WHAT YOU WILL DO: For the string "unfold", search the entries below and copy every line where it appears.

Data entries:
(* [(P ⊗ Q) ⊗ (R ⊗ S) -> (P ⊗ R) ⊗ (Q ⊗ S)], the rearrangement in axiom [copy_tens] *)
Definition middle_four (P Q R S : ob C) :
    hom (tens (tens P Q) (tens R S)) (tens (tens P R) (tens Q S)) :=
  assoc_inv P R (tens Q S)
  ∘ ((idm P ⊗ (assoc R Q S ∘ ((swap Q R ⊗ idm S) ∘ assoc_inv Q R S))) ∘ assoc P Q (tens R S)).

Definition swap23 (P Q R : ob C) : hom (tens (tens P Q) R) (tens (tens P R) Q) :=
  assoc_inv P R Q ∘ ((idm P ⊗ swap Q R) ∘ assoc P Q R).

Lemma middle_four_nat {P Q R S P' Q' R' S' : ob C}
    (a : hom P P') (b : hom Q Q') (c : hom R R') (d : hom S S') :
  middle_four P' Q' R' S' ∘ ((a ⊗ b) ⊗ (c ⊗ d)) = ((a ⊗ c) ⊗ (b ⊗ d)) ∘ middle_four P Q R S.
Proof.
  unfold middle_four. rassoc. rewrite assoc_nat. rassoc. rewrite tensm_comp_k, comp_id_l. rassoc.
  rewrite assoc_inv_nat, tensm_comp_k, swap_nat, comp_id_l, tensm_comp_idl. rassoc.
  rewrite assoc_nat_k, <- (comp_id_r a), <- tensm_comp_k, assoc_inv_nat_k, comp_id_r.
  reflexivity.
Qed.

Lemma middle_four_nat_k {P Q R S P' Q' R' S' Z : ob C}
    (a : hom P P') (b : hom Q Q') (c : hom R R') (d : hom S S') (k : hom Z _) :
  middle_four P' Q' R' S' ∘ (((a ⊗ b) ⊗ (c ⊗ d)) ∘ k)
  = ((a ⊗ c) ⊗ (b ⊗ d)) ∘ (middle_four P Q R S ∘ k).
Proof. rewrite !comp_assoc, middle_four_nat. reflexivity. Qed.

Lemma swap23_nat_k {P Q Q' R Z : ob C} (g : hom Q Q') (k : hom Z _) :
  swap23 P Q' R ∘ (((idm P ⊗ g) ⊗ idm R) ∘ k) = (idm (tens P R) ⊗ g) ∘ (swap23 P Q R ∘ k).
Proof.
  unfold swap23. rassoc. rewrite assoc_nat_k, tensm_comp_r_k, swap_nat, <- tensm_comp_r_k.
  rewrite assoc_inv_nat_k, tensm_id. reflexivity.
Qed.

Lemma middle_four_assoc_pentagon (P R S Q T Z : ob C) (k : hom Z _) :
  assoc_inv P (tens R S) (tens Q T)
  ∘ ((idm P ⊗ assoc (tens R S) Q T)
  ∘ (assoc P (tens (tens R S) Q) T
  ∘ ((((idm P ⊗ assoc_inv R S Q) ∘ assoc P R (tens S Q)) ⊗ idm T) ∘ k)))
  = (assoc P R S ⊗ idm (tens Q T))
  ∘ (assoc_inv (tens P R) S (tens Q T)
  ∘ ((idm (tens P R) ⊗ assoc S Q T) ∘ (assoc (tens P R) (tens S Q) T ∘ k))).
Proof.
  apply assoc_inj. rewrite assoc_assoc_inv_k, pentagon_inner_k, assoc_assoc_inv_k.
  rewrite assoc_nat_idl_k, pentagon_k, !tensm_comp_r_k, tensm_comp_l. rassoc.
  rewrite assoc_nat_k, tensm_comp_r_k, pentagon_outer. rassoc. reflexivity.
Qed.

Lemma middle_four_assoc_hexagon (P Q R S : ob C) :
  (idm P ⊗ (assoc_inv R S Q ∘ ((idm R ⊗ swap Q S) ∘ (assoc R Q S ∘ (swap Q R ⊗ idm S)))))
  ∘ (assoc P (tens Q R) S ∘ (assoc P Q R ⊗ idm S))
  = ((idm P ⊗ assoc_inv R S Q) ∘ assoc P R (tens S Q))
  ∘ ((idm (tens P R) ⊗ swap Q S) ∘ (assoc (tens P R) Q S ∘ (swap23 P Q R ⊗ idm S))).
Proof.
  unfold swap23. rassoc.
  rewrite assoc_nat_idl_k, tensm_comp_r_k, pentagon_k, tensm_comp_r_k, tensm_comp_l. rassoc.
  rewrite tensm_comp_l_k, tensm_idm_l_k by apply assoc_iso1.
  rewrite tensm_comp_l, assoc_nat_k, tensm_comp_r_k. rassoc. reflexivity.
Qed.

Lemma middle_four_swap23 (P Q R S T : ob C) :
  (assoc P R S ⊗ idm (tens Q T))
  ∘ (middle_four (tens P R) Q S T ∘ (assoc (tens (tens P R) Q) S T ∘ ((swap23 P Q R ⊗ idm S) ⊗ idm T)))
  = middle_four P Q (tens R S) T ∘ (assoc (tens P Q) (tens R S) T ∘ (assoc (tens P Q) R S ⊗ idm T)).
Proof.
  unfold middle_four. rassoc.
  rewrite (pentagon_k (A:=P)), (tensm_comp_r_k (E:=P)). rassoc.
  rewrite assoc_iso2, comp_id_r, (tensm_comp_r (E:=P)). rassoc.
  rewrite <- (assoc_nat_k (idm P)), <- (tensm_comp_l (E:=T)), <- (tensm_comp_l (E:=T)).
  rewrite (pentagon P Q R S). rassoc. rewrite (tensm_comp_r_k (E:=P)), hexagon_swap.
  rewrite (pentagon_k (A:=tens P R)), (tensm_comp_r_k (E:=tens P R)). rassoc.
  rewrite assoc_iso2, comp_id_r, (tensm_comp_r (E:=tens P R)). rassoc.
  rewrite <- (assoc_nat_k (idm (tens P R))), <- (tensm_comp_l (E:=T)), <- (tensm_comp_l (E:=T)).
  rewrite middle_four_assoc_hexagon.
  rewrite (tensm_comp_l ((idm P ⊗ assoc_inv R S Q) ∘ assoc P R (tens S Q))).
  rewrite middle_four_assoc_pentagon. reflexivity.
Qed.

Lemma middle_four_swap23_k (P Q R S T Z : ob C) (k : hom Z _) :
  (assoc P R S ⊗ idm (tens Q T))
  ∘ (middle_four (tens P R) Q S T
  ∘ (assoc (tens (tens P R) Q) S T ∘ (((swap23 P Q R ⊗ idm S) ⊗ idm T) ∘ k)))
  = middle_four P Q (tens R S) T
  ∘ (assoc (tens P Q) (tens R S) T ∘ ((assoc (tens P Q) R S ⊗ idm T) ∘ k)).
Proof.
  rewrite !comp_assoc. f_equal.
  pose proof (middle_four_swap23 P Q R S T) as H. rassoc. rewrite H. rassoc. reflexivity.
Qed.

Lemma copy_tens_middle_four (X Y : ob C) :
  copy (tens X Y) = middle_four X X Y Y ∘ (copy X ⊗ copy Y).
Proof. rewrite copy_tens. unfold middle_four. rassoc. reflexivity. Qed.

Lemma coassoc_inv {X : ob C} :
  assoc_inv X X X ∘ ((idm X ⊗ copy X) ∘ copy X) = (copy X ⊗ idm X) ∘ copy X.
Proof. rewrite <- coassoc, assoc_inv_assoc_k. reflexivity. Qed.

Lemma copy_deterministic {X : ob C} :
  copy (tens X X) ∘ copy X = (copy X ⊗ copy X) ∘ copy X.
Proof.
  rewrite copy_tens_middle_four. unfold middle_four. rassoc.
  rewrite (tensm_split_r (copy X) (copy X)). rassoc.
  rewrite assoc_nat_idl_k, coassoc, !tensm_comp_r_k. rassoc.
  rewrite coassoc_inv, tensm_comp_l_k, cocomm, coassoc, tensm_comp_r. rassoc.
  rewrite assoc_inv_nat_k, coassoc_inv, tensm_id, tensm_comp_k, comp_id_l, comp_id_r.
  reflexivity.
Qed.

Definition copy3 (X : ob C) : hom X (tens X (tens X X)) := (idm X ⊗ copy X) ∘ copy X.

RESULT OF THIS EXERCISE:
  unfold middle_four. rassoc. rewrite assoc_nat. rassoc. rewrite tensm_comp_k, comp_id_l. rassoc.
  unfold swap23. rassoc. rewrite assoc_nat_k, tensm_comp_r_k, swap_nat, <- tensm_comp_r_k.
  unfold swap23. rassoc.
  unfold middle_four. rassoc.
Proof. rewrite copy_tens. unfold middle_four. rassoc. reflexivity. Qed.
  rewrite copy_tens_middle_four. unfold middle_four. rassoc.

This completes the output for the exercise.